What needs to be done:
Take the entries below and print, exactly, the stretch from the line containing "norm_dominated (add_line S w) (extend_by" through the line containing "have -> : (- t)^-1", both included.

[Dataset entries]
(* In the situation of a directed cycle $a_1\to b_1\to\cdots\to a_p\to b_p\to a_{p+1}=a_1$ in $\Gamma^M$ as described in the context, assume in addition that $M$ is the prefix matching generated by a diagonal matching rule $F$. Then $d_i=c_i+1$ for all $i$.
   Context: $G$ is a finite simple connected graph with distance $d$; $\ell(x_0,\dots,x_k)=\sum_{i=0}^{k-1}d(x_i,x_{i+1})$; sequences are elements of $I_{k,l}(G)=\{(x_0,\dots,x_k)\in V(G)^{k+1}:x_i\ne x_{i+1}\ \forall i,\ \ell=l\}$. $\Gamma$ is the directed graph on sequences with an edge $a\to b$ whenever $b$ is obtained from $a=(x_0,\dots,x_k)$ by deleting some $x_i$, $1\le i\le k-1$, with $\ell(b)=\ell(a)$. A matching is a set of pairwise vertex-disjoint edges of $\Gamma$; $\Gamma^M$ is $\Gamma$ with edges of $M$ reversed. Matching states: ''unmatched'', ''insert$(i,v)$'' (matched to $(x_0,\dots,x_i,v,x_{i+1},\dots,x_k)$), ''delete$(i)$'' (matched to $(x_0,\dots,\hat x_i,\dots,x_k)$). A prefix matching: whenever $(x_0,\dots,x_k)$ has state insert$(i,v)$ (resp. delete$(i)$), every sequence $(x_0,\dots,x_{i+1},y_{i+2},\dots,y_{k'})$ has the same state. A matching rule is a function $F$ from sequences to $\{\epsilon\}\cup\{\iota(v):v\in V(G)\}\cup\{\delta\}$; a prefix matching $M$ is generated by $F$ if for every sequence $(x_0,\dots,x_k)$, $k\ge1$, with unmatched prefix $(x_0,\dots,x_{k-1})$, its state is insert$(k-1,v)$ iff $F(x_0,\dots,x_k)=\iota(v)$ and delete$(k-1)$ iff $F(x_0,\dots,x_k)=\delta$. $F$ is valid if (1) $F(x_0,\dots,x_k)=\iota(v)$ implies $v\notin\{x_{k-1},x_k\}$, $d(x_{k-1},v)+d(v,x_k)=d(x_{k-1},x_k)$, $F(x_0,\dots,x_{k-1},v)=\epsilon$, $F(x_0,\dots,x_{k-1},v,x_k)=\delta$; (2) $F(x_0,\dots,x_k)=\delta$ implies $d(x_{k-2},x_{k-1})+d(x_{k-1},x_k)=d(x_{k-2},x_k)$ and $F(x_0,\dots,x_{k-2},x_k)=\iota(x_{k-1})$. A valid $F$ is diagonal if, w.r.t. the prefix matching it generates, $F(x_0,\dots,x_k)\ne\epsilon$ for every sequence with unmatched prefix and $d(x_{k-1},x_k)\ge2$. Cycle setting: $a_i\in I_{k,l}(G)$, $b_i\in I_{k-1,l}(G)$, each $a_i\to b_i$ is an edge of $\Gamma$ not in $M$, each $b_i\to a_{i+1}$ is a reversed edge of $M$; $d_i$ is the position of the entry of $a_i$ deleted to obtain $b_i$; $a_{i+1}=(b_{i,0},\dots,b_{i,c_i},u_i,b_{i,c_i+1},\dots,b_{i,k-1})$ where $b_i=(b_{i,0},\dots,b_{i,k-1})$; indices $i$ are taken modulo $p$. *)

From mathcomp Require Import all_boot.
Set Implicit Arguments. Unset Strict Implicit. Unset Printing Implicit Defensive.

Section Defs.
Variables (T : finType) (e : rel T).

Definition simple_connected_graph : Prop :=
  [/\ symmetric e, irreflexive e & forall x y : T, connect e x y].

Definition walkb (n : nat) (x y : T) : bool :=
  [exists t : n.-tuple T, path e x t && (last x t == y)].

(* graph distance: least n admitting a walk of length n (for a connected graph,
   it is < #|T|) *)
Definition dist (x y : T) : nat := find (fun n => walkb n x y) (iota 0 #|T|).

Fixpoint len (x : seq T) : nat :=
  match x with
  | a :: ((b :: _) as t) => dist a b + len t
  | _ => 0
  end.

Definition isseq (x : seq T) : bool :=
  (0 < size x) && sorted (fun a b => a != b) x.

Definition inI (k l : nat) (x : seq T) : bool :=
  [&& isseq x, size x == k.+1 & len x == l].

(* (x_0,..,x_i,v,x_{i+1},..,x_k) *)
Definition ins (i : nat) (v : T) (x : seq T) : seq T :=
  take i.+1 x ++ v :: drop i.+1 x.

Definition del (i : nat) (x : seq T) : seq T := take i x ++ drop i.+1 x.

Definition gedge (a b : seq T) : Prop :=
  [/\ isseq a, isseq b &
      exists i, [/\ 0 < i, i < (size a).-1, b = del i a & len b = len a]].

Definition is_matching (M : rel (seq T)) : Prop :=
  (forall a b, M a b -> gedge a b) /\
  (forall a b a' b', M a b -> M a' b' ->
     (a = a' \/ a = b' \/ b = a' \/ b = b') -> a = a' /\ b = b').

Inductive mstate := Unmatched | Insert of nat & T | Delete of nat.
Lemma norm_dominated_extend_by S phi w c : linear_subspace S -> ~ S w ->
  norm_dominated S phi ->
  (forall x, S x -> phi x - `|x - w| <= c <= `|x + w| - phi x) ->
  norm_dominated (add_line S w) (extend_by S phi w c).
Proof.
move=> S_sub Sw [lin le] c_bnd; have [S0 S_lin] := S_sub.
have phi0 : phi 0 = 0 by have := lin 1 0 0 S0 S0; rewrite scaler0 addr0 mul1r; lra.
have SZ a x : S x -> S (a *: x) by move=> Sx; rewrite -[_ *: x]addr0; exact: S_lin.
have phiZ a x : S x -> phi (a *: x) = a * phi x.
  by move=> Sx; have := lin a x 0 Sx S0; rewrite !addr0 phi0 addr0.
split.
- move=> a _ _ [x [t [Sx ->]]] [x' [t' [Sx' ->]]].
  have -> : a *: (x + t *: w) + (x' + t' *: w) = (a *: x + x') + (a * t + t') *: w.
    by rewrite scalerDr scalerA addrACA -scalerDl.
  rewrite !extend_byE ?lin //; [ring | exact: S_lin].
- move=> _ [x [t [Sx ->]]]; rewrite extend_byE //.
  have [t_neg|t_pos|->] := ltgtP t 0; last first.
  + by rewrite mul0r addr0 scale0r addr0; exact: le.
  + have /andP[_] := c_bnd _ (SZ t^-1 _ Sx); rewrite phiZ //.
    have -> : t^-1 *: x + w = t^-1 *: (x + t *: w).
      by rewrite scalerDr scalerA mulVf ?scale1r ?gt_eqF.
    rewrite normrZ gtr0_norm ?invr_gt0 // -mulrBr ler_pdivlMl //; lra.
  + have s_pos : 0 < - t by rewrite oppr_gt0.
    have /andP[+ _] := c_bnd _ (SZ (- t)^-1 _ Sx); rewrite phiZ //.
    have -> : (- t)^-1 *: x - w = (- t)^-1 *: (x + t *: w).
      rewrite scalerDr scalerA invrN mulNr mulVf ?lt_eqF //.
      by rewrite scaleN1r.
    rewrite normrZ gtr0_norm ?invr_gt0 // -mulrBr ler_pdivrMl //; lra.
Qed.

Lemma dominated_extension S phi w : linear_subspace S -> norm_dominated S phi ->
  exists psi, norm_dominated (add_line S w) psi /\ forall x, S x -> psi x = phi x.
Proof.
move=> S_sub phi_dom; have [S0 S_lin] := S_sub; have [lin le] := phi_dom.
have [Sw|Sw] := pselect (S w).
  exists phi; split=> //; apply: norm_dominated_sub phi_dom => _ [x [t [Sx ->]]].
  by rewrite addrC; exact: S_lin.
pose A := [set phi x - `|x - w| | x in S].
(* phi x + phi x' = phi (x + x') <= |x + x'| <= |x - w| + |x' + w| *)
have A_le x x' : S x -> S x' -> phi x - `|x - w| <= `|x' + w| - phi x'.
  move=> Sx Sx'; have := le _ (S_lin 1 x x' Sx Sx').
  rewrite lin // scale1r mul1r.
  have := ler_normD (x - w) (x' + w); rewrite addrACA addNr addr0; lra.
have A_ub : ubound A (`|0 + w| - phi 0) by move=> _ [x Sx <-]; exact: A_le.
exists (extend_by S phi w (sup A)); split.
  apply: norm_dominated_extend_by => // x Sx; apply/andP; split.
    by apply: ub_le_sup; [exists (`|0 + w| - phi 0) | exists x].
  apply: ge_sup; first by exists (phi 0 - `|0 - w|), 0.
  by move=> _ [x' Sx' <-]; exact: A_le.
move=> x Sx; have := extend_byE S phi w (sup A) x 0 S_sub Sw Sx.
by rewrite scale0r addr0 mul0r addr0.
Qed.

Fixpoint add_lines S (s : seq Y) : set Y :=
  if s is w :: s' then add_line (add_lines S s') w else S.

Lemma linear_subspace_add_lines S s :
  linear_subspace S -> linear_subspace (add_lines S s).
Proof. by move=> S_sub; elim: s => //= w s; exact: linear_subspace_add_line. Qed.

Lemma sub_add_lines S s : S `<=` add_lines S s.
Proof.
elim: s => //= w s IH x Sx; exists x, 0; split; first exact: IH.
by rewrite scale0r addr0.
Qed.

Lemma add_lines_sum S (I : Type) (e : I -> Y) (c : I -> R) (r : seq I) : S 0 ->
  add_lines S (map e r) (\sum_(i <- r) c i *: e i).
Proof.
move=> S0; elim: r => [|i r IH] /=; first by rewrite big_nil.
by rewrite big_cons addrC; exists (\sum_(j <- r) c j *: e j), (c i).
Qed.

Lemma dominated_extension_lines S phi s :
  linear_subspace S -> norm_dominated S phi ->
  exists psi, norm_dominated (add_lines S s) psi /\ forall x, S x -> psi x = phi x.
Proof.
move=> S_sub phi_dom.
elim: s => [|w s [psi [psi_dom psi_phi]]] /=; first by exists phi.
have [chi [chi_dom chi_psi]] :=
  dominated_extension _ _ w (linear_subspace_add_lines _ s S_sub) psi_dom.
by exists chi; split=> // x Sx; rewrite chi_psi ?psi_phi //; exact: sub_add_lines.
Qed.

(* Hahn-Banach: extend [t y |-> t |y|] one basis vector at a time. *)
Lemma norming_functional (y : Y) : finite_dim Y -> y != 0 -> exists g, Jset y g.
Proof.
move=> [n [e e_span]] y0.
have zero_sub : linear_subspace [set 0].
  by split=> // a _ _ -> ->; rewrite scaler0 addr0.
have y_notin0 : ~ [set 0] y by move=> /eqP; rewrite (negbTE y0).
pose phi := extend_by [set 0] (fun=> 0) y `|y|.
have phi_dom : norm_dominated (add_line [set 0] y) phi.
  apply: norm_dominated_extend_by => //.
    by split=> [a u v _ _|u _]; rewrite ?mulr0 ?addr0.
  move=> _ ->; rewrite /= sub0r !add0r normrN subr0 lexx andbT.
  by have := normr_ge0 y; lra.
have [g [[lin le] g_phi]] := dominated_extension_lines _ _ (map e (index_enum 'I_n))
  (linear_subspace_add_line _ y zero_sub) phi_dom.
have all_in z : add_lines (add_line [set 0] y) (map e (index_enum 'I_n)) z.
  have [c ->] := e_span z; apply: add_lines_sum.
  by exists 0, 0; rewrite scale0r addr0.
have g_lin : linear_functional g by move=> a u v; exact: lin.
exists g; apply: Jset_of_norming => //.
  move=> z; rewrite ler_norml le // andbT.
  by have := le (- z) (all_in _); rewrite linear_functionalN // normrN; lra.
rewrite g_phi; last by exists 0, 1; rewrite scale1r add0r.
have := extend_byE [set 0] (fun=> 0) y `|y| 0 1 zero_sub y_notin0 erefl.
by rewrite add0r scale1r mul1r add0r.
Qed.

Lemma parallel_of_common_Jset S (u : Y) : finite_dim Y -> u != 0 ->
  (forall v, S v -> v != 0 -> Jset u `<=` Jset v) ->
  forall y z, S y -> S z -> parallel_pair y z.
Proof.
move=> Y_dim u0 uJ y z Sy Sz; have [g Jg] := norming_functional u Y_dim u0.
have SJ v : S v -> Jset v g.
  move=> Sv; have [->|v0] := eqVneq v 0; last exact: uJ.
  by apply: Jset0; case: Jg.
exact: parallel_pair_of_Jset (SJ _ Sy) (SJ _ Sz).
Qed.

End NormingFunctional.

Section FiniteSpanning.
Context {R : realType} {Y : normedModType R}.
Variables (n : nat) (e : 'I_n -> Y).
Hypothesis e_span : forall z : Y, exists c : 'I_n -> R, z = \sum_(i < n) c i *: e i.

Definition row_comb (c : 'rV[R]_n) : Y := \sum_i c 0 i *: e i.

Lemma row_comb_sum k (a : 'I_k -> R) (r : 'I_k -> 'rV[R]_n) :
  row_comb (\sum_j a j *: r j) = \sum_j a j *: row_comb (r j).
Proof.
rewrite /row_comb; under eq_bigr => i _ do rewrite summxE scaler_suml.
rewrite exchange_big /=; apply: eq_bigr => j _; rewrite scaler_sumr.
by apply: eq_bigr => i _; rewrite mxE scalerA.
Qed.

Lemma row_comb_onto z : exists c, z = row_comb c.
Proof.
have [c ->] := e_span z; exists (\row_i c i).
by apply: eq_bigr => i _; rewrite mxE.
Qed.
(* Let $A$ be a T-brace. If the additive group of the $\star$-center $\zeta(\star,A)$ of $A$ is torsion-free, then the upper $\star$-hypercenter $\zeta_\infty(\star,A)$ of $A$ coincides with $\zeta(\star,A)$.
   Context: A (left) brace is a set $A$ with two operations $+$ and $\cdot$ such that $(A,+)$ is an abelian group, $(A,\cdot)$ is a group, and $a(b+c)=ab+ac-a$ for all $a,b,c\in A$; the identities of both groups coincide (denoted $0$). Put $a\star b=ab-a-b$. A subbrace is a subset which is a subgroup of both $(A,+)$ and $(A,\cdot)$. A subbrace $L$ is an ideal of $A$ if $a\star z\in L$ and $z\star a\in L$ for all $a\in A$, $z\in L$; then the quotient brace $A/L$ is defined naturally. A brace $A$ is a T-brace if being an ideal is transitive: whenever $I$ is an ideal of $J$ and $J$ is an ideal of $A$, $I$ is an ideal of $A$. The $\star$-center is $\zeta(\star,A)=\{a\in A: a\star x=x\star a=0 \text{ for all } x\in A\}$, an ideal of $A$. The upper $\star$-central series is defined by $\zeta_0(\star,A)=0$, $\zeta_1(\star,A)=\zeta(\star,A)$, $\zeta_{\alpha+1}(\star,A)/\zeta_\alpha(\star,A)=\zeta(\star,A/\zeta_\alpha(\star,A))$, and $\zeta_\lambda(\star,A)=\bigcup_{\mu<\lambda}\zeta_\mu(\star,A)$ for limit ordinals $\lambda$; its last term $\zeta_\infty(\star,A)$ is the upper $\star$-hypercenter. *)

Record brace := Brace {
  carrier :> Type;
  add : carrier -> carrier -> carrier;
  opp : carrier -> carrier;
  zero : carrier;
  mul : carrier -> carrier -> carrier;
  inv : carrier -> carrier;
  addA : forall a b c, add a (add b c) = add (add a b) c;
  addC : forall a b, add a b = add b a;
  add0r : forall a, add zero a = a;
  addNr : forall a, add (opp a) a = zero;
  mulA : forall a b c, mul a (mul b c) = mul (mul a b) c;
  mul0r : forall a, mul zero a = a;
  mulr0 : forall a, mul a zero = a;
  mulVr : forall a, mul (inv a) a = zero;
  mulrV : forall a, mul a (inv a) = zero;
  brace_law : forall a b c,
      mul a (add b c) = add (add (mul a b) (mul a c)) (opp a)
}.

Exercise output:
  norm_dominated (add_line S w) (extend_by S phi w c).
Proof.
move=> S_sub Sw [lin le] c_bnd; have [S0 S_lin] := S_sub.
have phi0 : phi 0 = 0 by have := lin 1 0 0 S0 S0; rewrite scaler0 addr0 mul1r; lra.
have SZ a x : S x -> S (a *: x) by move=> Sx; rewrite -[_ *: x]addr0; exact: S_lin.
have phiZ a x : S x -> phi (a *: x) = a * phi x.
  by move=> Sx; have := lin a x 0 Sx S0; rewrite !addr0 phi0 addr0.
split.
- move=> a _ _ [x [t [Sx ->]]] [x' [t' [Sx' ->]]].
  have -> : a *: (x + t *: w) + (x' + t' *: w) = (a *: x + x') + (a * t + t') *: w.
    by rewrite scalerDr scalerA addrACA -scalerDl.
  rewrite !extend_byE ?lin //; [ring | exact: S_lin].
- move=> _ [x [t [Sx ->]]]; rewrite extend_byE //.
  have [t_neg|t_pos|->] := ltgtP t 0; last first.
  + by rewrite mul0r addr0 scale0r addr0; exact: le.
  + have /andP[_] := c_bnd _ (SZ t^-1 _ Sx); rewrite phiZ //.
    have -> : t^-1 *: x + w = t^-1 *: (x + t *: w).
      by rewrite scalerDr scalerA mulVf ?scale1r ?gt_eqF.
    rewrite normrZ gtr0_norm ?invr_gt0 // -mulrBr ler_pdivlMl //; lra.
  + have s_pos : 0 < - t by rewrite oppr_gt0.
    have /andP[+ _] := c_bnd _ (SZ (- t)^-1 _ Sx); rewrite phiZ //.
    have -> : (- t)^-1 *: x - w = (- t)^-1 *: (x + t *: w).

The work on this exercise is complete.